The Anti-Christ then whips out his iPod and cues up some shitty music:

He is all Four Horsemen of the Apocalypse astride a "fixie" steed, and he engages in a pretend gunfight with a hypocritical "society," embodied by the twinkly lights of a distant city:

Immediately afterwards, he masturbates on a tree, which is a commentary on the cultural stereotype of the tree-hugging (or in this case tree-copulating) cyclist:

Then he has a "hipster" slapfight with a bunch of other hipsters, including Jack White from the White Stripes:

These "hipsters" also represent society, against which he rebels relentlessly but from which he is ultimately and tragically unable to totally disengage. This final message may be the key to the film's greatness--unwilling to pander to its audience, it is unafraid to confront the crushing power of conformity and a society so tenacious that even our "fixies" cannot free us from it.

Or, if you prefer, the guy in the mask is "tripping balls" at this point, and he's hallucinating having a fight with his beard lice.

Meanwhile, speaking of scathing commentary, a commenter on yesterday's post did not appreciate my treatment of Australia:

Samuel said...

bit too rough on australia for my liking. at least they have genuine political choice including at least one socially progressive party, unlike two-party state USA

October 19, 2010 4:46 AM


I thought it was clear that I wasn't making fun of Australia's government so much as I was making fun of my own ignorance concerning Australia's government--of which, not having gone to a fine institution of higher education such as Bard College, I am totally ignorant. In any case, I apologize to Samuel as well as to the good people of Australia, and in particular to their prime minister, Mick Dundee:

As well as his lovely First Lady, Yahoo Serious:

I understand that when those naked hot-tubbing shots of Ms. Serious surfaced it was the biggest political scandal to hit Australia since Peter Garrett finally admitted that whole rash of bed burnings was actually a hoax.

Also, in that very same post I suggested that an artfully-"curated" Australian cockpit may have been a kangaroo-shooer, and an Australian confirms that this is entirely possible, since the cockpit in question looks not unlike an acutal product called the "ShuRoo:"

Apparently, if you're Australian and you don't have a ShuRoo, you hate your family:

Would you do anything to protect your family?

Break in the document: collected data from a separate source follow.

Lemma dsum_of_stable (p : {perm 'I_(k + m)}) :
  (forall x, (p x < k)%N = (x < k)%N) -> exists s t, p = dsum s t.
Proof.
move=> p_stable.
have s_ok (a : 'I_k) : (p (lshift m a) < k)%N by rewrite p_stable /=.
have t_ok (b : 'I_m) : (p (rshift k b) - k < m)%N.
  by have := ltn_ord (p (rshift k b)); have := ltn_ord b; lia.
have s_inj : injective (fun a => Ordinal (s_ok a)).
  by move=> a a' /(congr1 val) /= /ord_inj /perm_inj /lshift_inj.
have t_inj : injective (fun b => Ordinal (t_ok b)).
  move=> b b' /(congr1 val) /= eq_b; apply/rshift_inj/(@perm_inj _ p)/val_inj.
  move: eq_b (p_stable (rshift k b)) (p_stable (rshift k b')).
  by rewrite /= !ltnNge !leq_addr /=; lia.
exists (perm s_inj), (perm t_inj); apply/permP => x.
case: (split_ordP x) => -[y ->]; rewrite ?dsumL ?dsumR; apply: val_inj; rewrite /= permE //=.
by rewrite subnKC // leqNgt p_stable /= ltnNge leq_addr.
Qed.

End DirectSum.

(* A value left of the 0 exceeding a value right of it would form a 312 with the 0. *)
Lemma avoid312_zero_split k m (p : {perm 'I_(k.+1 + m)}) :
  ~~ has312 (oneline p) -> p (lshift m ord_max) = 0 :> nat ->
  forall x, (p x < k.+1)%N = (x < k.+1)%N.
Proof.
move=> p_av p_zero x.
suff below_k v : ((p^-1)%g v < k.+1)%N = (v < k.+1)%N by rewrite -below_k permK.
set c := lshift m (@ord_max k); have c_zero : p c = 0 :> nat := p_zero.
apply: (downclosed_ltnE (P := [pred v | ((p^-1)%g v < k.+1)%N])).
  exact/card_perm_ltn/leq_addr.
move=> {}v w lt_wv; rewrite !inE => lt_v; rewrite ltnNge; apply/negP => le_w.
have lt_v_k : ((p^-1)%g v < k)%N.
  rewrite ltn_neqAle -ltnS lt_v andbT; apply: contraTneq lt_wv => eq_v.
  have -> : v = p c by rewrite -[v](permKV p); congr (p _); apply: val_inj.
  by rewrite c_zero.
have w_pos : (0 < w)%N.
  rewrite lt0n; apply: contraTneq le_w => w0.
  have -> : w = p c by apply: ord_inj; rewrite c_zero.
  by rewrite permK /= ltnn.
by apply: (has312F p_av (j := c) lt_v_k le_w); rewrite /oneline /= !permKV ?c_zero.
Qed.

Definition zero_at N (p : {perm 'I_N}) (i : nat) : bool :=
  [exists x : 'I_N, (x == i :> nat) && (p x == 0 :> nat)].

(* Indexed by naturals so that [N] can be rewritten to [i.+1 + (n - i)]. *)
Definition Sav312_zero_at (N i : nat) : nat :=
  #|[set p : {perm 'I_N} | strongly_avoids p p312 && zero_at p i]|.

Lemma zero_at_lshift k m (p : {perm 'I_(k.+1 + m)}) :
  zero_at p k = (p (lshift m ord_max) == 0 :> nat).
Proof.
apply/existsP/idP => [[x /andP[/eqP eq_x p_x]] | p_zero]; last first.
  by exists (lshift m ord_max); rewrite /= eqxx.
by have <- : x = lshift m ord_max by apply: val_inj.
Qed.

Lemma Sav312_zero_at_dsum k m :
  Sav312_zero_at (k.+1 + m) k = (Sav312_end1 k * Sav312 m)%N.
Proof.
have dsum_inj : injective (fun st : {perm 'I_k.+1} * {perm 'I_m} => dsum st.1 st.2).
  by move=> [s t] [s' t'] /dsum_inj2 /= [-> ->].
rewrite /Sav312_zero_at /Sav312_end1 /Sav312 -cardsX -(card_imset _ dsum_inj).
apply: eq_card => p; rewrite inE zero_at_lshift; apply/andP/imsetP => [[p_sa p_zero] | [[s t]]].
  have [p_av _] := andP (eqbLR (strongly_avoids312E p) p_sa).
  have [s [t p_st]] := dsum_of_stable (avoid312_zero_split p_av (eqP p_zero)).
  move: p_sa p_zero; rewrite p_st strongly_avoids312_dsum dsumL => /andP[s_sa t_sa] s_zero.
  by exists (s, t); rewrite // !inE s_sa t_sa andbT; apply/eqP/val_inj/eqP.
rewrite !inE /= => /andP[/andP[s_sa /eqP s_zero] t_sa] ->.
by rewrite strongly_avoids312_dsum s_sa t_sa dsumL s_zero.
Qed.

Lemma Sav312S n : Sav312 n.+1 = (\sum_(i < n.+1) Sav312_end1 i * Sav312 (n - i))%N.
Proof.
have -> : Sav312 n.+1 = (\sum_(i < n.+1) Sav312_zero_at n.+1 i)%N.
  rewrite /Sav312 -sum1dep_card.
  rewrite (partition_big (fun p : {perm 'I_n.+1} => (p^-1)%g ord0) xpredT) //=.
  apply: eq_bigr => i _; rewrite sum1dep_card; apply: eq_card => p; rewrite !inE; congr (_ && _).
  apply/eqP/existsP => [<- | [x /andP[/eqP eq_x /eqP p_x]]].
    by exists ((p^-1)%g ord0); rewrite permKV eqxx.
  have -> : i = x by apply: val_inj.
  by rewrite -(permK p x); congr (_ _); apply: val_inj.
apply: eq_bigr => i _; move: (nat_of_ord i) (ltn_ord i) => {}i lt_i.
by rewrite (_ : n.+1 = i.+1 + (n - i))%N ?Sav312_zero_at_dsum //; lia.
Qed.

Lemma Sav312_small n : (n <= 2)%N -> Sav312 n = n`!.
Proof.
move=> le_n2; rewrite /Sav312 -card_Sn; apply: eq_card => p.
by rewrite !inE strongly_avoids312_small.
Qed.

Local Open Scope ring_scope.

Lemma Posz_sum I (r : seq I) (P : pred I) (F : I -> nat) :
  Posz (\sum_(i <- r | P i) F i)%N = \sum_(i <- r | P i) Posz (F i).
Proof. exact: (big_morph Posz PoszD (erefl _)). Qed.

Lemma Sav312_end1_Bcoef n : Posz (Sav312_end1 n) = Bcoef n.+1.
Proof. by rewrite Sav312_end1E /Bcoef; case: n. Qed.

Lemma Sav312_oneMinusB n : conv oneMinusB SavGF n = Posz (n == 0%N).
Proof.
rewrite /conv big_ord_recl.
case: n => [|n]; first by rewrite big_ord0 addr0 /oneMinusB /SavGF Sav312_small.
rewrite (eq_bigr (fun i : 'I_n.+1 => - Posz (Sav312_end1 i * Sav312 (n - i)))) => [|i _].
  by rewrite sumrN -Posz_sum -Sav312S /oneMinusB /SavGF subn0 /Bcoef /= subr0 mul1r subrr.
by rewrite lift0 /oneMinusB subSS sub0r mulNr -Sav312_end1_Bcoef PoszM.
Qed.

Lemma Bcoef_denominator n :
  conv (poly_coefs [:: 1; -1; -1; 1]) Bcoef n = poly_coefs [:: 0; 1; 0; -1; 1] n.
Proof.
case: n => [|[|[|[|m]]]]; rewrite /conv; try by rewrite !big_ord_recl big_ord0.
rewrite 4!big_ord_recl big1 => [|i _]; last by rewrite /poly_coefs nth_default ?mul0r.
rewrite /= /poly_coefs /= /Bcoef /bump /=.
by case: m => [|m] //=; rewrite !uphalfE /= nth_nil; lia.
Qed.

Definition eq_upto (R : nzRingType) n (P Q : {poly R}) := forall k, (k <= n)%N -> P`_k = Q`_k.

Lemma eq_uptoM (R : nzRingType) n (P P' Q Q' : {poly R}) :
  eq_upto n P P' -> eq_upto n Q Q' -> eq_upto n (P * Q) (P' * Q').
Proof.
move=> PP' QQ' k le_kn; rewrite !coefM; apply: eq_bigr => i _.
by rewrite PP' ?QQ' //; have := ltn_ord i; lia.
Qed.

Lemma conv_coefM (a b : nat -> int) (P Q : {poly int}) n :
  (forall i, (i <= n)%N -> P`_i = a i) -> (forall i, (i <= n)%N -> Q`_i = b i) ->
  conv a b n = (P * Q)`_n.
Proof.
move=> Pa Qb; rewrite coefM /conv; apply: eq_bigr => i _.
by rewrite Pa ?Qb ?leq_subr //; have := ltn_ord i; lia.
Qed.

Lemma Sav312_denominator n :
  conv (poly_coefs [:: -1; 2; 1; -2; 1]) SavGF n = poly_coefs [:: -1; 1; 1; -1] n.
Proof.
pose S := \poly_(i < n.+1) SavGF i; pose B := \poly_(i < n.+1) Bcoef i.
pose Q : {poly int} := Poly [:: 1; -1; -1; 1].
have S_coef i : (i <= n)%N -> S`_i = SavGF i by move=> le_in; rewrite coef_poly ltnS le_in.
have B_coef i : (i <= n)%N -> B`_i = Bcoef i by move=> le_in; rewrite coef_poly ltnS le_in.
have Poly_coef s i : (Poly s)`_i = poly_coefs s i by rewrite coef_Poly.
have QB : eq_upto n (Q * B) (Poly [:: 0; 1; 0; -1; 1]).
  move=> k le_kn; rewrite Poly_coef -Bcoef_denominator.
  apply: esym; apply: conv_coefM => i le_ik; first exact: Poly_coef.
  exact: B_coef (leq_trans le_ik le_kn).
have BS : eq_upto n ((1 - B) * S) 1.
  move=> k le_kn; rewrite coef1 natz -Sav312_oneMinusB.
  apply: esym; apply: conv_coefM => i le_ik; last exact: S_coef (leq_trans le_ik le_kn).
  by rewrite coefB coef1 B_coef ?natz // (leq_trans le_ik le_kn).
have A_QB : eq_upto n (Poly [:: -1; 2; 1; -2; 1]) (Q * B - Q).
  move=> k le_kn; rewrite coefB QB // !Poly_coef /poly_coefs.
  by case: k {le_kn} => [|[|[|[|[|k]]]]] //=; rewrite nth_nil subr0.
rewrite (conv_coefM (fun i _ => Poly_coef _ i) S_coef).
rewrite (eq_uptoM A_QB (_ : eq_upto n S S)) // (_ : _ * S = - (Q * ((1 - B) * S))); last by ring.
rewrite coefN (eq_uptoM (_ : eq_upto n Q Q) BS) // mulr1 Poly_coef /poly_coefs.
by case: n {S B S_coef B_coef QB BS A_QB} => [|[|[|[|n]]]] //=; rewrite nth_nil oppr0.
Qed.

Theorem mainTheorem8 :
  (forall n : nat,
     conv (poly_coefs [:: (-1)%R; 2%R; 1%R; (-2)%R; 1%R]) SavGF n
     = poly_coefs [:: (-1)%R; 1%R; 1%R; (-1)%R] n)
  /\ (forall n : nat, conv oneMinusB SavGF n = Posz (n == 0%N))
  /\ (forall n : nat, Posz (Sav312_end1 n) = Bcoef n.+1)
  /\ (forall n : nat,
        conv (poly_coefs [:: 1%R; (-1)%R; (-1)%R; 1%R]) Bcoef n
        = poly_coefs [:: 0%R; 1%R; 0%R; (-1)%R; 1%R] n).
Proof.
split; first exact: Sav312_denominator.
split; first exact: Sav312_oneMinusB.
split; first exact: Sav312_end1_Bcoef.
exact: Bcoef_denominator.
Qed.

Why take the chance of potential injury to your family or being stranded with a damaged vehicle? ShuRoo has been helping protect motorists from wildlife hits since 1986. The unique signal emitted by ShuRoo cannot be heard by humans, but to wildlife it’s as loud as a police siren. By taking advantage of their high frequency danger alert system in this way, ShuRoo warns animals of your approach and helps prevent a collision that could potentially harm you, your passengers and your vehicle. Not only does ShuRoo protect you and your family, it also protects our wildlife.


As for those ultra-high frequency siren-like sounds emitted by the ShuRoo, you can sample them here.

If you heard any of that, you may be a kangaroo, and if you actually liked it you're probably smoking the psychedelic beard lice.

But kangaroos aren't the only danger Australians must confront on a regular basis. They must also contend with entire schools of "bike salmon," as shown in this "alleycat" video which was forwarded to me by another reader:



It's remarkable how charmingly archaic this video looks after the avant garde brilliance that is "The Masked Night Rider." Just some of its quainter elements include the ultra-narrow bars despite the wide streets and apparent lack of traffic:

The checkpoint attendant with the popped collar;

Gratuitous and pointless "salmoning:"

And, of course, showing off your skidding technique the moment a camera is pointed at you:

(Triple "douche-clamation" point.)

All of this is flimsily tied together by the score, which consists of the dated, prefab major label rebellion of Rage Against The Machine. Clearly, a truly "vintage" soundtrack like this would have been far more appropriate.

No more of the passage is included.